Taking the line with "Lemma islocfrac_cross (a" as the first and the line with "have -> : hmul f (hmul b'" as the last, set down exactly every line in that range from the entries below, and no more.

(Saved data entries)
_ _ _ _ _

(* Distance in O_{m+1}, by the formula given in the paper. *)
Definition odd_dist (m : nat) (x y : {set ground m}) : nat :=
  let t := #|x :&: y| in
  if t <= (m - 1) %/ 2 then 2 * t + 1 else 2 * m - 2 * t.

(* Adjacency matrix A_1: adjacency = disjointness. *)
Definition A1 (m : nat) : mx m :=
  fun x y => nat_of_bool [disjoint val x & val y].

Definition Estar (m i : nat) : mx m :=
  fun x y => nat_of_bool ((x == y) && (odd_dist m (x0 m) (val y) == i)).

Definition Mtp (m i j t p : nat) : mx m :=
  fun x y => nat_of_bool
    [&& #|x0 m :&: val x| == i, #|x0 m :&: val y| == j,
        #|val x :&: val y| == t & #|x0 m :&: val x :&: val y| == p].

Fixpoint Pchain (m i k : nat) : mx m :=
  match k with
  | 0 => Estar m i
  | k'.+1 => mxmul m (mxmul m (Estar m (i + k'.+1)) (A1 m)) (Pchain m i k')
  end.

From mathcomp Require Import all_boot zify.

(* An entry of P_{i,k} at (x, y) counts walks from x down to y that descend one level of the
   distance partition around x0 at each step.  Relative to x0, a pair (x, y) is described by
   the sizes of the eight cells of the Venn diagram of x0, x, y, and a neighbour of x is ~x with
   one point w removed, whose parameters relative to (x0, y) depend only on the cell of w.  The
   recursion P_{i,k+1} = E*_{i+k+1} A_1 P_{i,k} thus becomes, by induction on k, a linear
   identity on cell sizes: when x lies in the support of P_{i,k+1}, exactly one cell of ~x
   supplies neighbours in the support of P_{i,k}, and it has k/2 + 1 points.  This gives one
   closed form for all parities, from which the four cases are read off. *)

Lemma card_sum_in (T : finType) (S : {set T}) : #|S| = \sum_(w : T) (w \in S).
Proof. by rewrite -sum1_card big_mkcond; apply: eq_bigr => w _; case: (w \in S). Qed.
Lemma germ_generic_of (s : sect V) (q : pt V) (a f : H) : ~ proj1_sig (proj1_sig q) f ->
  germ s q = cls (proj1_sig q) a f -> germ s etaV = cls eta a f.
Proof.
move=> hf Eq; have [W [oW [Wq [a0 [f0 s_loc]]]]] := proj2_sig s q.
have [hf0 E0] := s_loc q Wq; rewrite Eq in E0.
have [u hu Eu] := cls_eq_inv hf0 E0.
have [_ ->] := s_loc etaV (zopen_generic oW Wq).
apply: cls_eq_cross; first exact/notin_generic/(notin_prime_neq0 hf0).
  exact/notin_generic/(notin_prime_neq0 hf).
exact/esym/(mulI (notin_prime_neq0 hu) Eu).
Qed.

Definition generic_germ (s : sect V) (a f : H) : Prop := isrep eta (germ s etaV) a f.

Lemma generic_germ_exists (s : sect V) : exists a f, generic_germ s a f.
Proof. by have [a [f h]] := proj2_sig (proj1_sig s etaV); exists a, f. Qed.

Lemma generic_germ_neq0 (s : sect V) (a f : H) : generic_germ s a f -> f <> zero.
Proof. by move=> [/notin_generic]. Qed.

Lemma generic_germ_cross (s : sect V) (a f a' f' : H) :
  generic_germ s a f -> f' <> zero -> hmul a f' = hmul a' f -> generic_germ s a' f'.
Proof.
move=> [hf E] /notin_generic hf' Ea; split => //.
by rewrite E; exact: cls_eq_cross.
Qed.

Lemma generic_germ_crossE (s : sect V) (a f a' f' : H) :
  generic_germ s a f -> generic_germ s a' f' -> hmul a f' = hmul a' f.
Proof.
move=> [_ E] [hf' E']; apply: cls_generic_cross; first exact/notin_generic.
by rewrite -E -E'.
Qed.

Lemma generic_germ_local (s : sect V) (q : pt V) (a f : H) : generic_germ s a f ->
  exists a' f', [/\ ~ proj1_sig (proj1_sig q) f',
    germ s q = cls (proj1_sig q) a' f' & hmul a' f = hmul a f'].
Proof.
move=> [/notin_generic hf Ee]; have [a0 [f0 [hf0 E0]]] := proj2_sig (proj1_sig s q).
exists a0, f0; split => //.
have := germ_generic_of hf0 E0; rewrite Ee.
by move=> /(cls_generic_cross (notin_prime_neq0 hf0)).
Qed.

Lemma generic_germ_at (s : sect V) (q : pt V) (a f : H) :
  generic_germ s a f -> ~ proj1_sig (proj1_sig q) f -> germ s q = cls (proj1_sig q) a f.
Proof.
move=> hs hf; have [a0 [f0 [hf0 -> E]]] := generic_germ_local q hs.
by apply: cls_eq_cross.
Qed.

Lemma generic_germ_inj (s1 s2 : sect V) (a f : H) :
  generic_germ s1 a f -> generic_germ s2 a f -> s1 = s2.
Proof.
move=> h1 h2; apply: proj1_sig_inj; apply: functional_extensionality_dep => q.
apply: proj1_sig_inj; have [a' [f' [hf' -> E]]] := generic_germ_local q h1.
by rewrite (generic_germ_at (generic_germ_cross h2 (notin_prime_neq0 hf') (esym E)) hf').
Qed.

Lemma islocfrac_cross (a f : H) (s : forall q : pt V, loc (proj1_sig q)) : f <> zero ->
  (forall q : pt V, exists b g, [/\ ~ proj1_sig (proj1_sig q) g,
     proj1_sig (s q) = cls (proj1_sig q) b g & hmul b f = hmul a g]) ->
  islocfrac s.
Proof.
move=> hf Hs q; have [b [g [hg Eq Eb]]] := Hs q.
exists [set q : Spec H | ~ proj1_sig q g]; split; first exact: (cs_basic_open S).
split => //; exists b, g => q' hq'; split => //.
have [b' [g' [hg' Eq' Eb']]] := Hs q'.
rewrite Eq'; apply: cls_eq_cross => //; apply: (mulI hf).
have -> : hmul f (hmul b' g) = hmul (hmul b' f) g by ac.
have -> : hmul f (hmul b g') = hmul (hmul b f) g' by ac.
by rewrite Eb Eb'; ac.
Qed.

_ _ _ _ _

REPLY |
Lemma islocfrac_cross (a f : H) (s : forall q : pt V, loc (proj1_sig q)) : f <> zero ->
  (forall q : pt V, exists b g, [/\ ~ proj1_sig (proj1_sig q) g,
     proj1_sig (s q) = cls (proj1_sig q) b g & hmul b f = hmul a g]) ->
  islocfrac s.
Proof.
move=> hf Hs q; have [b [g [hg Eq Eb]]] := Hs q.
exists [set q : Spec H | ~ proj1_sig q g]; split; first exact: (cs_basic_open S).
split => //; exists b, g => q' hq'; split => //.
have [b' [g' [hg' Eq' Eb']]] := Hs q'.
rewrite Eq'; apply: cls_eq_cross => //; apply: (mulI hf).
have -> : hmul f (hmul b' g) = hmul (hmul b' f) g by ac.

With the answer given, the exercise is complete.